* **WORK REQUIRED**
Using the entries that follow, write out the line containing "normedModType R) (f : V -> W)", the line containing "Hypotheses (a_gt0 : 0 < a) (a_lt1 : a < 1).", and every line between them, exactly and nothing else.

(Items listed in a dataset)
Lemma is_derive_normal_pdf m s x : s != 0 ->
  is_derive x 1 (normal_pdf m s) ((m - x) / s ^+ 2 * normal_pdf m s x).
Proof.
move=> s0; pose k := - (s ^+ 2 *+ 2)^-1.
have -> : normal_pdf m s = normal_peak s \*: (expR \o (k \*: (center m ^+ 2))).
  apply/funext => y; rewrite normal_pdf_expR //=.
  have -> : (center m ^+ 2) y = (y - m) ^+ 2 by [].
  by rewrite /k /GRing.scale /=; congr (_ * expR _); ring.
apply: is_derive_eq (is_deriveZ (normal_peak s) (is_derive1_comp
  (is_derive_expR _) (is_deriveZ k (is_deriveX 2 (is_derive_shift x 1 (- m)))))) _.
by rewrite /k /GRing.scale /= expr1 mulr1 /GRing.scale /=; field.
Qed.

End normal_pdf.

Lemma sqnorm2_ge0 {R : realType} {n : nat} (v : 'rV[R]_n) : 0 <= sqnorm2 v.
Proof. by apply: sumr_ge0 => i _; exact: sqr_ge0. Qed.

Lemma measurable_sqnorm2 {R : realType} {n : nat} {d : measure_display}
    {T : measurableType d} (V : T -> 'rV[R]_n) :
  (forall i, measurable_fun setT (fun w => V w ord0 i)) ->
  measurable_fun setT (fun w => sqnorm2 (V w)).
Proof. by move=> mV; apply: measurable_sum => i; exact: measurable_funX. Qed.

Lemma derive_along {R : numFieldType} (V W : normedModType R) (f : V -> W)
    (a v : V) :
  derive f a v = derive1 (fun h => f (h *: v + a)) 0.
Proof.
rewrite /derive /derive1; congr (lim (_ @ 0^')); apply/funext => h /=.
by rewrite addr0 scale0r add0r.
Qed.

Section gaussian_mixture_score.
Context {R : realType} {n : nat} {d0 : measure_display} {Omega : measurableType d0}.
Variables (P : probability Omega R) (X0 : Omega -> 'rV[R]_n) (a Bx : R).
Hypotheses (a_gt0 : 0 < a) (a_lt1 : a < 1).
Hypothesis mX0 : forall i, measurable_fun setT (fun w => X0 w ord0 i).
Hypothesis X0_le : forall w, norm2 (X0 w) <= Bx.
Implicit Types (x : 'rV[R]_n) (i : 'I_n) (w : Omega) (h : R).

Let Bx_ge0 : 0 <= Bx.
Proof.
have [w _] : [set: Omega] !=set0.
  apply/set0P/negP => /eqP Omega0; have := probability_setT P.
  by rewrite Omega0 measure0 => /eqP; rewrite eq_sym onee_eq0.
exact: le_trans (sqrtr_ge0 _) (X0_le w).
Qed.

Let sigma := Num.sqrt (1 - a).

Let sigma_neq0 : sigma != 0. Proof. by rewrite gt_eqF // sqrtr_gt0 subr_gt0. Qed.

Let sigma_sqr : sigma ^+ 2 = 1 - a. Proof. by rewrite sqr_sqrtr // subr_ge0 ltW. Qed.

Lemma sqnorm2_X0_le w : sqnorm2 (X0 w) <= Bx ^+ 2.
Proof.
by rewrite -(sqr_sqrtr (sqnorm2_ge0 _)) lerXn2r ?nnegrE ?sqrtr_ge0 ?X0_le.
Qed.

Lemma X0_coord_le w i : `|X0 w ord0 i| <= Bx.
Proof.
apply: le_trans (X0_le w); rewrite -sqrtr_sqr ler_sqrt ?sqnorm2_ge0 //.
by rewrite /sqnorm2 (bigD1 i) //= lerDl sumr_ge0 // => j _; rewrite sqr_ge0.
Qed.

Lemma scaled_X0_coord_le w i : `|Num.sqrt a * X0 w ord0 i| <= Bx.
Proof.
rewrite normrM ger0_norm ?sqrtr_ge0 // (le_trans _ (X0_coord_le w i)) // ler_piMl //.
by rewrite -sqrtr1 ler_sqrt // ltW.
Qed.

Definition likelihood (x : 'rV[R]_n) (w : Omega) : R :=
  \prod_(j < n) normal_pdf (Num.sqrt a * X0 w ord0 j) sigma (x ord0 j).

Lemma vp_densityE x : vp_density P a X0 x = \int[P]_w likelihood x w.
Proof. by []. Qed.

Lemma likelihood_ge0 x w : 0 <= likelihood x w.
Proof. by apply: prodr_ge0 => j _; exact: normal_pdf_ge0. Qed.

Lemma likelihood_le x w : likelihood x w <= normal_peak sigma ^+ n.
Proof.
rewrite -[n in _ ^+ n]card_ord -prodr_const; apply: ler_prod => j _.
by rewrite normal_pdf_ge0 normal_pdf_ub.
Qed.

Lemma measurable_likelihood x : measurable_fun setT (likelihood x).
Proof.
apply: measurable_prod => j _.
under eq_fun do rewrite normal_pdfC //.
by apply: measurableT_comp (measurable_normal_pdf _ _) _; exact: measurable_funM.
Qed.

Lemma integrable_likelihood x : P.-integrable setT (EFin \o likelihood x).
Proof.
apply: (bounded_integrable _ _ (normal_peak sigma ^+ n) (measurable_likelihood x)) => w.
by rewrite ger0_norm ?likelihood_ge0 ?likelihood_le.
Qed.

Lemma integrable_mul_likelihood x (f : Omega -> R) M :
  measurable_fun setT f -> (forall w, `|f w| <= M) ->
  P.-integrable setT (EFin \o (fun w => f w * likelihood x w)).
Proof.
move=> mf fM; apply: (bounded_integrable _ _ (M * normal_peak sigma ^+ n)
  (measurable_funM mf (measurable_likelihood x))) => w.
rewrite normrM (ger0_norm (likelihood_ge0 x w)).
by rewrite ler_pM ?likelihood_ge0 ?likelihood_le.
Qed.

Lemma vp_density_gt0 x : 0 < vp_density P a X0 x.
Proof.
pose L := \prod_(j < n)
  (normal_peak sigma * expR (- (`|x ord0 j| + Bx) ^+ 2 / (sigma ^+ 2 *+ 2))).
have L_gt0 : 0 < L.
  by apply: prodr_gt0 => j _; rewrite mulr_gt0 ?expR_gt0 ?normal_peak_gt0.
apply: (lt_le_trans L_gt0); rewrite vp_densityE.
rewrite -[L in L <= _](Rintegral_cst_probability P).
apply: le_Rintegral => //.
- exact: (bounded_integrable _ _ `|L| (measurable_cst L) (fun=> lexx _)).
- exact: integrable_likelihood.
move=> w _; apply: ler_prod => j _; rewrite mulr_ge0 ?expR_ge0 ?normal_peak_ge0 //=.
exact: normal_pdf_lb sigma_neq0 (scaled_X0_coord_le w j).
Qed.

Definition posterior_mean (x : 'rV[R]_n) (i : 'I_n) : R :=
  \int[P]_w (X0 w ord0 i * likelihood x w) / vp_density P a X0 x.

Lemma likelihood_shift x i h w :
  likelihood (h *: delta_mx ord0 i + x) w =
  normal_pdf (Num.sqrt a * X0 w ord0 i) sigma (h + x ord0 i) *
  \prod_(j < n | j != i) normal_pdf (Num.sqrt a * X0 w ord0 j) sigma (x ord0 j).
Proof.
rewrite /likelihood (bigD1 i) //= !mxE !eqxx mulr1; congr (_ * _).
by apply: eq_bigr => j ji; rewrite !mxE eqxx (negbTE ji) mulr0 add0r.
Qed.

Lemma is_derive_likelihood_shift x i w h :
  is_derive h 1 (fun h => likelihood (h *: delta_mx ord0 i + x) w)
    ((Num.sqrt a * X0 w ord0 i - (h + x ord0 i)) / (1 - a) *
     likelihood (h *: delta_mx ord0 i + x) w).
Proof.
pose C := \prod_(j < n | j != i)
  normal_pdf (Num.sqrt a * X0 w ord0 j) sigma (x ord0 j).
have -> : (fun h => likelihood (h *: delta_mx ord0 i + x) w) =
    (normal_pdf (Num.sqrt a * X0 w ord0 i) sigma \o shift (x ord0 i)) * cst C.
  by apply/funext => h'; rewrite likelihood_shift.
apply: is_derive_eq (is_deriveM (is_derive1_comp
  (is_derive_normal_pdf _ _ _ sigma_neq0) (is_derive_shift h 1 (x ord0 i)))
  (is_derive_cst C h 1)) _.
by rewrite likelihood_shift -/C -sigma_sqr /GRing.scale /=; ring.
Qed.

Lemma norm_derive_likelihood_shift_le x i w h : `|h| < 1 ->
  `|(Num.sqrt a * X0 w ord0 i - (h + x ord0 i)) / (1 - a) *
    likelihood (h *: delta_mx ord0 i + x) w| <=
  (`|x ord0 i| + 1 + Bx) / (1 - a) * normal_peak sigma ^+ n.
Proof.
move=> h1; rewrite normrM (ger0_norm (likelihood_ge0 _ _)).
apply: ler_pM; rewrite ?normr_ge0 ?likelihood_ge0 ?likelihood_le //.
have a1 : 0 <= (1 - a)^-1 by rewrite invr_ge0 subr_ge0 ltW.
rewrite normrM (ger0_norm a1) ler_wpM2r //.
apply: le_trans (ler_normB _ _) _.
rewrite [leRHS]addrC lerD ?scaled_X0_coord_le // (le_trans (ler_normD _ _)) //.
by rewrite addrC lerD2l ltW.
Qed.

* **ANSWER AREA**
Lemma derive_along {R : numFieldType} (V W : normedModType R) (f : V -> W)
    (a v : V) :
  derive f a v = derive1 (fun h => f (h *: v + a)) 0.
Proof.
rewrite /derive /derive1; congr (lim (_ @ 0^')); apply/funext => h /=.
by rewrite addr0 scale0r add0r.
Qed.

Section gaussian_mixture_score.
Context {R : realType} {n : nat} {d0 : measure_display} {Omega : measurableType d0}.
Variables (P : probability Omega R) (X0 : Omega -> 'rV[R]_n) (a Bx : R).
Hypotheses (a_gt0 : 0 < a) (a_lt1 : a < 1).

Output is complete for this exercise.